12. Corte a banda de 200 bp com uma nova lâmina de barbear e transfira a fatia de gel para um tubo de 1,5 ml.
13. Purifique o DNA de uma fatia de gel de agarose utilizando um kit de extração de gel. Recomendamos repetir cada etapa de ligação duas vezes e incluir lavagens intermédias com o tampão de ligação se os volumes de ligação forem grandes. Também recomendamos uma eluição dupla para maximizar o rendimento.
14. Armazene o DNA purificado por gel num tubo de baixa adesão de 1,5 ml.
15. Quantificar DNA no fluorómetro Qubit.
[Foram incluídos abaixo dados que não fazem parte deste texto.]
(* $\mathfrak{b}_{\mathrm{game}^*}^{\mathrm{II}} = \mathfrak{c}$. That is, if $\mathcal{A}\subseteq\omega^\omega$ and Player II has a winning strategy in the bounding* game with respect to $\mathcal{A}$, then $|\mathcal{A}|=\mathfrak{c}$ (and such $\mathcal{A}$ of size $\mathfrak{c}$ exist).
   Context: For $\mathcal{A}\subseteq\omega^\omega$, the bounding* game with respect to $\mathcal{A}$ is the infinite two-player game in which, at round $k$, Player I plays $n_k\in\omega$ and then Player II plays $m_k\in\omega$. Player II wins iff $\langle m_k:k\in\omega\rangle\in\mathcal{A}$ and $n_k<m_k$ for infinitely many $k$. $\mathfrak{b}_{\mathrm{game}^*}^{\mathrm{II}}$ is the least $|\mathcal{A}|$ such that Player II has a winning strategy in the bounding* game with respect to $\mathcal{A}$. $\mathfrak{c}=2^{\aleph_0}$. *)

From mathcomp Require Import all_boot.
From mathcomp Require Import boolp classical_sets cardinality.
Set Implicit Arguments. Unset Strict Implicit. Unset Printing Implicit Defensive.

Local Open Scope classical_set_scope.

(* A strategy for Player II: given the moves n_0,...,n_k of Player I so far
   (as a finite sequence), return II's answer m_k.  II's own earlier moves are
   determined by the strategy, so this is the usual notion of strategy. *)
Definition strategyII := seq nat -> nat.

Definition playII (sigma : strategyII) (f : nat -> nat) : nat -> nat :=
  fun k => sigma [seq f i | i <- iota 0 k.+1].

Definition winningII (A : set (nat -> nat)) (sigma : strategyII) : Prop :=
  forall f : nat -> nat,
    A (playII sigma f) /\
    (forall N : nat, exists k : nat, (N <= k)%N /\ (f k < playII sigma f k)%N).

Definition II_has_winning_strategy (A : set (nat -> nat)) : Prop :=
  exists sigma : strategyII, winningII A sigma.

From mathcomp Require Import all_boot.
From mathcomp Require Import boolp classical_sets cardinality.

(* The upper bound |A| <= c is trivial, since A is a subset of omega^omega,
   which injects into 2^omega by coding a function by its graph.  The
   existence part is witnessed by A = omega^omega with the strategy "answer
   one more than I's last move".

   The content is the lower bound: if sigma is winning for II with respect
   to A, then A contains a perfect set of plays.  The key observation
   (splitting lemma) is that II's answers cannot be determined by any finite
   initial segment of I's play: otherwise I could copy II's predetermined
   answers and II would never exceed I.  Hence every position of I splits
   into two continuations on which II answers differently at some later
   round.  Iterating the splitting along a binary sequence x produces a play
   F x of I; the map x |-> playII sigma (F x) is injective from 2^omega into
   A, and Cantor-Bernstein concludes. *)

Local Open Scope classical_set_scope.
Local Open Scope card_scope.

Lemma card_le_of_inj {T U : Type} {B : set U} {f : T -> U} :
  injective f -> (forall x, B (f x)) -> [set: T] #<= B.
Proof.
move=> f_inj fB; apply: (@card_le_trans _ _ _ (f @` [set: T])).
  have := @inj_card_eq T U [set: T] f (fun x y _ _ => @f_inj x y).
  by rewrite card_eq_sym card_eq_le => /andP[].
by apply: subset_card_le => _ [x _ <-].
Qed.

Definition graph_code (f : nat -> nat) : nat -> bool :=
  fun n => if unpickle n is Some (k, j) then f k == j else false.

Lemma graph_code_inj : injective graph_code.
Proof.
move=> f g fg; apply: funext => k.
have := congr1 (fun h => h (pickle (k, f k))) fg.
by rewrite /graph_code pickleK eqxx => /esym /eqP.
Qed.

Lemma natnat_card_eq_bool : [set: nat -> nat] #= [set: nat -> bool].
Proof.
apply: Cantor_Bernstein; first exact: card_le_of_inj graph_code_inj (fun=> I).
have bool_to_nat_inj : injective (fun (x : nat -> bool) n => nat_of_bool (x n)).
  move=> x y xy; apply: funext => n.
  by have := congr1 (fun h => h n) xy; case: (x n); case: (y n).
exact: card_le_of_inj bool_to_nat_inj (fun=> I).
Qed.

Definition succ_strategy : strategyII := fun s => (last 0 s).+1.

Lemma succ_strategy_winning : winningII [set: nat -> nat] succ_strategy.
Proof.
move=> f; split => // N; exists N; split => //.
by rewrite /playII /succ_strategy -[N.+1]addn1 iotaD map_cat last_cat.
Qed.

Definition agree (n : nat) (f g : nat -> nat) : Prop :=
  forall i, (i < n)%N -> f i = g i.

Lemma playII_agree (sigma : strategyII) {k : nat} {f g : nat -> nat} :
  agree k.+1 f g -> playII sigma f k = playII sigma g k.
Proof.
move=> fg; rewrite /playII; congr sigma; apply/eq_in_map => i.
by rewrite mem_iota add0n => /andP[_ /fg].
Qed.

Section PerfectSetOfPlays.
Variables (A : set (nat -> nat)) (sigma : strategyII).
Hypothesis sigma_win : winningII A sigma.

(* A position of I is a play f of which only the first n moves count.
   A splitting (g, h, k) of the position (f, n) consists of two plays
   extending it and a round k >= n where II's answers to them differ. *)
Definition splitting (p : (nat -> nat) * nat)
    (t : (nat -> nat) * (nat -> nat) * nat) : Prop :=
  [/\ agree p.2 p.1 t.1.1, agree p.2 p.1 t.1.2, (p.2 <= t.2)%N &
      playII sigma t.1.1 t.2 <> playII sigma t.1.2 t.2].

(* Every position splits: otherwise all II's answers after position (f, n)
   equal those to f, and I defeats sigma by copying them from round n on. *)
Lemma splitting_exists p : exists t, splitting p t.
Proof.
apply: contrapT; case: p => f n no_split.
have rigid g : agree n f g -> forall k, playII sigma g k = playII sigma f k.
  move=> fg k; apply: contrapT => gf.
  have [nk|kn] := leqP n k; first by apply: no_split; exists (g, f, k).
  apply: gf; apply: playII_agree => i ik; apply/esym/fg.
  exact: leq_trans ik kn.
pose copy i := if (i < n)%N then f i else playII sigma f i.
have f_copy : agree n f copy by move=> i ilt; rewrite /copy ilt.
have [_ /(_ n) [k [nk]]] := sigma_win copy.
by rewrite rigid // /copy [(k < n)%N]ltnNge nk /= ltnn.
Qed.

Definition split_of p := proj1_sig (cid (splitting_exists p)).

Lemma split_ofP p : splitting p (split_of p).
Proof. exact: proj2_sig (cid (splitting_exists p)). Qed.

(* The child of a position in direction b: one of the two splitting plays,
   now fixed up to and including the splitting round. *)
Definition child (p : (nat -> nat) * nat) (b : bool) : (nat -> nat) * nat :=
  (if b then (split_of p).1.1 else (split_of p).1.2, (split_of p).2.+1).

Fixpoint branch (x : nat -> bool) (i : nat) : (nat -> nat) * nat :=
  if i is j.+1 then child (branch x j) (x j) else (fun _ => 0, 0).

Lemma branch_child x i : ((branch x i).2 < (branch x i.+1).2)%N /\
  agree (branch x i).2 (branch x i).1 (branch x i.+1).1.
Proof.
have [fg fh le _] := split_ofP (branch x i).
by split; rewrite /= ?ltnS //; case: (x i).
Qed.

Lemma branch_length x i : (i <= (branch x i).2)%N.
Proof.
elim: i => //= i IH; have [lt _] := branch_child x i.
exact: leq_trans IH lt.
Qed.

Lemma branch_extends (x : nat -> bool) {i j : nat} : (i <= j)%N ->
  ((branch x i).2 <= (branch x j).2)%N /\
  agree (branch x i).2 (branch x i).1 (branch x j).1.
Proof.
elim: j => [|j IH]; first by rewrite leqn0 => /eqP ->.
rewrite leq_eqVlt => /orP[/eqP -> //|]; rewrite ltnS => /IH[le ij].
have [lt j_child] := branch_child x j.
split; first exact: leq_trans le (ltnW lt).
by move=> k kl; rewrite ij // j_child //; exact: leq_trans kl le.
Qed.

Definition branch_play (x : nat -> bool) : nat -> nat :=
  fun k => (branch x k.+1).1 k.

Lemma branch_play_extends x i :
  agree (branch x i).2 (branch x i).1 (branch_play x).
Proof.
move=> k kl; rewrite /branch_play.
have [_ to_max] := branch_extends x (leq_maxl i k.+1).
have [_ from_max] := branch_extends x (leq_maxr i k.+1).
by rewrite to_max // from_max //; exact: branch_length.
Qed.

Definition branch_answers (x : nat -> bool) : nat -> nat :=
  playII sigma (branch_play x).

Lemma branch_answers_in_A x : A (branch_answers x).
Proof. by have [] := sigma_win (branch_play x). Qed.

(* Two branches share all positions up to the first bit where they differ,
   then pass through the two sides of a splitting, so II's answers differ. *)
Lemma branch_answers_inj : injective branch_answers.
Proof.
move=> x y xy; apply: funext => n; apply: contrapT => xy_n.
have [i xy_i i_min] := @ex_minnP (fun i => x i != y i) (ex_intro _ n (introN eqP xy_n)).
have same_branch j : (j <= i)%N -> branch x j = branch y j.
  elim: j => [//|j IH] ji; rewrite /= IH ?(ltnW ji) //.
  congr child; apply: contrapT => /eqP xy_j.
  by have := i_min j xy_j; rewrite leqNgt ji.
have [_ _ _ answers_differ] := split_ofP (branch x i).
have bx := branch_play_extends x i.+1; have by_ := branch_play_extends y i.+1.
move: bx by_; rewrite /= -(same_branch i (leqnn i)) /child /= => bx by_.
have := congr1 (fun h => h (split_of (branch x i)).2) xy.
rewrite /branch_answers -(playII_agree sigma bx) -(playII_agree sigma by_).
by move: xy_i; case: (x i); case: (y i) => //= _ /esym.
Qed.

End PerfectSetOfPlays.
Arguments branch_answers_inj {A sigma}.
Arguments branch_answers_in_A {A sigma}.

Theorem mainTheorem3 :
  (forall A : set (nat -> nat),
      II_has_winning_strategy A -> A #= [set: nat -> bool]) /\
  (exists A : set (nat -> nat),
      II_has_winning_strategy A /\ A #= [set: nat -> bool]).
Proof.
split.
  move=> A [sigma win]; apply: Cantor_Bernstein.
    by rewrite -(card_le_eqr natnat_card_eq_bool); exact: card_leT.
  exact: card_le_of_inj (branch_answers_inj win) (branch_answers_in_A win).
exists [set: nat -> nat]; split; last exact: natnat_card_eq_bool.
by exists succ_strategy; exact: succ_strategy_winning.
Qed.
Sequenciação de Nova Geração

1. Devido a diferenças nos requisitos de submissão de amostras e nos controlos de qualidade aplicados por instalações e fornecedores de sequenciação de nova geração, apenas fornecemos recomendações gerais nesta secção.
2. As bibliotecas de sequenciação podem agora ser agrupadas. O grau de multiplexação depende da profundidade de leitura desejada por amostra. Para rastreios de dropout, recomendamos ler cada amostra com uma cobertura de biblioteca de 200 vezes e 500 vezes para amostras T0, para garantir robustez durante a análise de dados devido à ausência de réplicas independentes em T0. Para rastreios de seleção positiva forte que visam a identificação de gRNAs enriquecidos, uma cobertura de 50 vezes pode ser suficiente.
3. Sequenciação em Illumina HiSeq2500 ou NextSeq550 com primers standard para indexação dupla.

Referência:

1. Mair B, Aregger M, Tong A H Y, et al. Um Método para Mapear a Essencialidade de Genes em Células-Tronco Pluripotentes Humanas através de Ecrãs CRISPR em Escala Genómica com Cas9 Induzível[J]. Genes e Genomas Essenciais: Métodos e Protocolos, 2022: 1-27.